Iedere schipper maakt het mee: je ligt langszij een ander schip en de buurman geeft aan: “Ik ga ertussenuit.”
Soms is dat welkom. Als je zelf nog een dag moet wachten en na het verhalen tegen de kant kunt, is dat prettig.
Soms is het dat niet: Je komt om één uur ’s nachts Hansweert buiten en je wilt wachten op een gunstig tij of afnemende wind. De enige plek voor je diep geladen schip is langszij een hoge lege tanker. “Die ligt te wachten op instructies”, klinkt het op kanaal 22. Je neemt de gok, het vastmaken valt niet mee, de matroos is niet zo virtuoos met het touwwerk.
Na een dik uur kan de motor uit. Moe als je bent, slaap je voor je hoofd het kussen raakt. Dan ongeduldig getik op álle ramen. Je springt op, je kijkt naar buiten in een zee van felle lampen. Een schim voor de geopende deur spreekt luid: “We gaan ertussenuit, buurman!”
Je knikt, je hebt het begrepen, de klok wijst je erop dat het vier uur is, maar je start de motor en roept je matroos, dat is lastig en het duurt even. Je drijft midden in de haven en het duurt lang voordat de collega is vertrokken. Je gaapt onophoudelijk. Dan overleg je met jezelf: zal ik hem hier weer vastmaken of… Ik kan eigenlijk net zo goed maar gaan ook.
Je hoort het ook weleens op een andere manier in je omgeving: “Ik moet er even tussenuit!” Mensen gaan weg, nemen vrij van hun werk. Een weekendje Londen. Of drie weken naar de Algarve. Zoiets.

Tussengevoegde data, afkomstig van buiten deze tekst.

(* There exists a temporal clique $G$ on $n$ vertices such that every temporal $2$-spanner of $G$ has size $\Omega(n^2)$.
   Context: A temporal graph is an undirected graph $G=(V,E)$ with a labeling $\lambda: E\to\mathbb{N}^+$; a temporal clique is one whose underlying graph is complete. A temporal path is a path whose traversed edges have non-decreasing labels in the order of traversal; its length is its number of edges, and $d_G(u,v)$ is the minimum length of a temporal path from $u$ to $v$ in $G$ ($+\infty$ if none). A temporal $\alpha$-spanner of $G$ is a subgraph $H$ with $V(H)=V$, $E(H)\subseteq E$ (same labels), such that $d_H(u,v)\le\alpha\, d_G(u,v)$ for all $u,v\in V$. The size of $H$ is its number of edges. *)

From mathcomp Require Import all_boot.
Set Implicit Arguments. Unset Strict Implicit. Unset Printing Implicit Defensive.

(* An (undirected) edge is a 2-element
   subset {x,y} of 'I_n. A labeling is a
   function lam : {set 'I_n} -> nat (only its values on edges matter). *)

Definition clique_edges (n : nat) : {set {set 'I_n}} := [set e : {set 'I_n} | #|e| == 2].

Definition traversed {n : nat} (u : 'I_n) (p : seq 'I_n) : seq {set 'I_n} :=
  pairmap (fun x y => [set x; y]) u p.

(* u :: p is a temporal path in (E, lam): distinct vertices, consecutive
   vertices joined by an edge of E, labels non-decreasing along the path.
   Its length is size p; it goes from u to last u p. *)
Definition temporal_path {n : nat} (E : {set {set 'I_n}}) (lam : {set 'I_n} -> nat)
    (u : 'I_n) (p : seq 'I_n) : bool :=
  [&& uniq (u :: p),
      path (fun x y => (x != y) && ([set x; y] \in E)) u p
    & sorted leq (map lam (traversed u p))].

(* H is a temporal alpha-spanner of G (edge sets E_H, E_G, same labeling lam):
   E_H is a subset of E_G and d_H(u,v) <= alpha * d_G(u,v) for all u, v.
   Unfolded: whenever G has a temporal u-v path of length k, H has one of
   length at most alpha * k (if d_G(u,v) = +oo the condition is vacuous). *)
Definition temporal_spanner {n : nat} (alpha : nat) (EG EH : {set {set 'I_n}})
    (lam : {set 'I_n} -> nat) : Prop :=
  EH \subset EG /\
  forall (u : 'I_n) (p : seq 'I_n), temporal_path EG lam u p ->
    exists q : seq 'I_n,
      [/\ temporal_path EH lam u q, last u q = last u p & size q <= alpha * size p].

From mathcomp Require Import all_boot.
From mathcomp Require Import zify.

Set Implicit Arguments.
Unset Strict Implicit.
Unset Printing Implicit Defensive.

(* Split the vertices into halves A and B and label the edges inside A by 3,
   the edges between A and B by 2 and the edges inside B by 1.  A temporal
   path a, x, b from a in A to b in B would have to go down in label, so the
   only temporal path of length at most 2 from a to b is the edge {a, b}
   itself: a temporal 2-spanner keeps all |A| |B| ~ n^2/4 crossing edges. *)

Lemma temporal_path1 n (E : {set {set 'I_n}}) lam (a b : 'I_n) :
  temporal_path E lam a [:: b] = (a != b) && ([set a; b] \in E).
Proof. by rewrite /temporal_path /= mem_seq1 !andbT andbA andbb. Qed.

Lemma temporal_path2 n (E : {set {set 'I_n}}) lam (a x b : 'I_n) :
  temporal_path E lam a [:: x; b] -> lam [set a; x] <= lam [set x; b].
Proof. by case/and3P=> _ _ /=; rewrite andbT. Qed.

Lemma spanner2_keeps_edge n (EG EH : {set {set 'I_n}}) lam (a b : 'I_n) :
  temporal_spanner 2 EG EH lam -> a != b -> [set a; b] \in EG ->
  (forall x, lam [set x; b] < lam [set a; x]) -> [set a; b] \in EH.
Proof.
move=> [_ spanner] neq_ab ab_EG no_detour.
have edge_ab : temporal_path EG lam a [:: b] by rewrite temporal_path1 neq_ab.
have [q [path_q last_q size_q]] := spanner a [:: b] edge_ab.
case: q path_q last_q size_q => [|x [|x' [|? ?]]] //=.
- by move=> _ eq_ba; rewrite eq_ba eqxx in neq_ab.
- by move=> /[swap] <-; rewrite temporal_path1 => /andP[].
- move=> /[swap] -> /temporal_path2 le_lam _.
  by have := no_detour x; rewrite ltnNge le_lam.
Qed.

Definition cut_label n (A : {set 'I_n}) (e : {set 'I_n}) : nat :=
  if e \subset A then 3 else if e \subset ~: A then 1 else 2.

Lemma cut_label_gt0 n (A e : {set 'I_n}) : 0 < cut_label A e.
Proof. by rewrite /cut_label; case: ifP => //; case: ifP. Qed.

Lemma cut_label_no_detour n (A : {set 'I_n}) (a b x : 'I_n) :
  a \in A -> b \notin A -> cut_label A [set x; b] < cut_label A [set a; x].
Proof.
move=> aA bA; rewrite /cut_label !subUset !sub1set !in_setC aA (negbTE bA) /=.
by rewrite andbF; case: (x \in A).
Qed.

Lemma card_cut_edges (T : finType) (A : {set T}) :
  #|[set [set a; b] | a in A, b in ~: A]| = #|A| * #|~: A|.
Proof.
rewrite curry_imset2X -cardsX card_in_imset //.
move=> [a b] [a' b'] /setXP[aA bB] /setXP[aA' bB'] /= eq_ab.
have : a \in [set a'; b'] by rewrite -eq_ab set21.
rewrite !inE => /orP[/eqP ea | /eqP eb]; last by rewrite inE -eb aA in bB'.
have : b \in [set a'; b'] by rewrite -eq_ab set22.
rewrite !inE => /orP[/eqP eb' | /eqP eb]; first by rewrite inE eb' -ea aA in bB.
by rewrite ea eb.
Qed.

Lemma card_ord_ltn n k : k <= n -> #|[set i : 'I_n | i < k]| = k.
Proof.
move=> le_kn.
have -> : [set i : 'I_n | i < k] = widen_ord le_kn @: [set: 'I_k].
  apply/setP=> i; rewrite inE; apply/idP/imsetP.
    by move=> lt_ik; exists (Ordinal lt_ik); rewrite ?inE //; apply: val_inj.
  by case=> j _ ->; rewrite /= ltn_ord.
by rewrite card_imset ?cardsT ?card_ord // => x y /(congr1 val) /= /ord_inj.
Qed.

Lemma sqrn_le_half_mul n : 1 < n -> n ^ 2 <= 5 * (n./2 * (n - n./2)).
Proof. by have := odd_double_half n; case: (odd n) => /=; nia. Qed.

Theorem theorem6 :
  exists c : nat, 0 < c /\
  exists N : nat, forall n : nat, N <= n ->
    exists lam : {set 'I_n} -> nat,
      (forall e : {set 'I_n}, e \in clique_edges n -> 0 < lam e) /\
      forall H : {set {set 'I_n}},
        temporal_spanner 2 (clique_edges n) H lam -> n ^ 2 <= c * #|H|.
Proof.
exists 5; split => //; exists 2 => n le2n.
pose A := [set i : 'I_n | i < n./2].
exists (cut_label A); split=> [e _|H spanner]; first exact: cut_label_gt0.
have cardA : #|A| = n./2 by rewrite card_ord_ltn // -leq_double; lia.
have cardB : #|~: A| = n - n./2 by rewrite cardsCs setCK card_ord cardA.
have cut_sub_H : [set [set a; b] | a in A, b in ~: A] \subset H.
  apply/subsetP=> _ /imset2P[a b aA bB ->]; rewrite in_setC in bB.
  have neq_ab : a != b by apply: contraNneq bB => <-.
  apply: (spanner2_keeps_edge spanner neq_ab).
    by rewrite inE cards2 neq_ab.
  by move=> x; apply: cut_label_no_detour.
apply: leq_trans (sqrn_le_half_mul le2n) _; rewrite leq_mul2l /=.
by rewrite -cardB -cardA -card_cut_edges subset_leq_card.
Qed.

Ik moest er ook even tussenuit. Niet met mijn schip en ook niet voor een vakantie. Na een bezoek aan de huisarts en voor de zekerheid een controle in het streekziekenhuis werd ik naar een groter hospitaal gestuurd voor nader onderzoek. Daar werd besloten om me per ambulance naar een gespecialiseerd ziekenhuis te brengen. Met spoed nog wel. Twee dagen later al de operatie, zonder complicaties gelukkig.

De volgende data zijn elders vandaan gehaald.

(* Let $(L,\wedge,\vee,0,1)$ be a bounded lattice with additive Nakano mosaic $(L,\boxplus,0)$, where $x\boxplus y:=\{z\in L\mid x\vee y=x\vee z=z\vee y\}$. For $x,y,z\in L$, we have $z=x\vee y$ if and only if $x,y\in z\boxplus z$ and $z\in x\boxplus y$. *)

From HB Require Import structures.
From mathcomp Require Import all_boot all_order.
Set Implicit Arguments. Unset Strict Implicit. Unset Printing Implicit Defensive.
Import Order.TTheory.
Local Open Scope order_scope.

Definition nakano_add (d : Order.disp_t) (L : latticeType d) (x y : L) : pred L :=
  fun z => (x `|` y == x `|` z) && (x `|` z == z `|` y).

From HB Require Import structures.
From mathcomp Require Import all_boot all_order.
Local Open Scope order_scope.
Import Order.TTheory.

(* Since z ⊞ z is exactly the down-set of z, the first two conditions say
   that z is an upper bound of x and y; then x ∨ y = x ∨ z = z, where the
   first equality is the membership z ∈ x ⊞ y. *)

Section NakanoAdd.

Variables (d : Order.disp_t) (L : latticeType d).
Implicit Types x y z t : L.

Lemma nakano_addE x y z :
  (z \in nakano_add x y) = (x `|` y == x `|` z) && (x `|` z == z `|` y).
Proof. by []. Qed.

Lemma nakano_add_diag z t : (t \in nakano_add z z) = (t <= z).
Proof. by rewrite nakano_addE joinxx [t `|` z]joinC eqxx andbT eq_sym leEjoin joinC. Qed.

Lemma join_nakano_add x y : x `|` y \in nakano_add x y.
Proof. by rewrite nakano_addE joinA joinxx -joinA joinxx eqxx. Qed.

Lemma nakano_add_join x y z : x <= z -> z \in nakano_add x y -> z = x `|` y.
Proof. by move=> /join_idPr xz /andP[/eqP -> _]; rewrite xz. Qed.

End NakanoAdd.

Theorem mainTheorem17 (d : Order.disp_t) (L : tbLatticeType d) (x y z : L) :
  z = x `|` y <->
  (x \in nakano_add z z /\ y \in nakano_add z z /\ z \in nakano_add x y).
Proof.
rewrite !nakano_add_diag; split.
- by move=> ->; rewrite leUl leUr join_nakano_add.
- by case=> xz [_]; apply: nakano_add_join.
Qed.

De nacht erna werd ik wakker van de kamerdeur. Na mijn “hallo”, zei de verpleegkundige: “Ik deed echt heel zachtjes!”
“Niet erg” zei ik. “Als schipper word je van elk geluid wakker.”
“Mijn man vaart ook, hij wordt ook overal wakker van.”
“Binnenvaart?” vroeg ik.
“Ja, Amsterdam-Rotterdam-Antwerpen.”
“Aha, ARA. Tankvaart?”
“Ja, en jij?”
Ik vertelde over mijn schip en waar ik vaar, maar dat ik er nu wel even tussenuit ben.
Bijzonder dit: een gesprek over de binnenvaart, midden in de nacht in een ziekenhuis.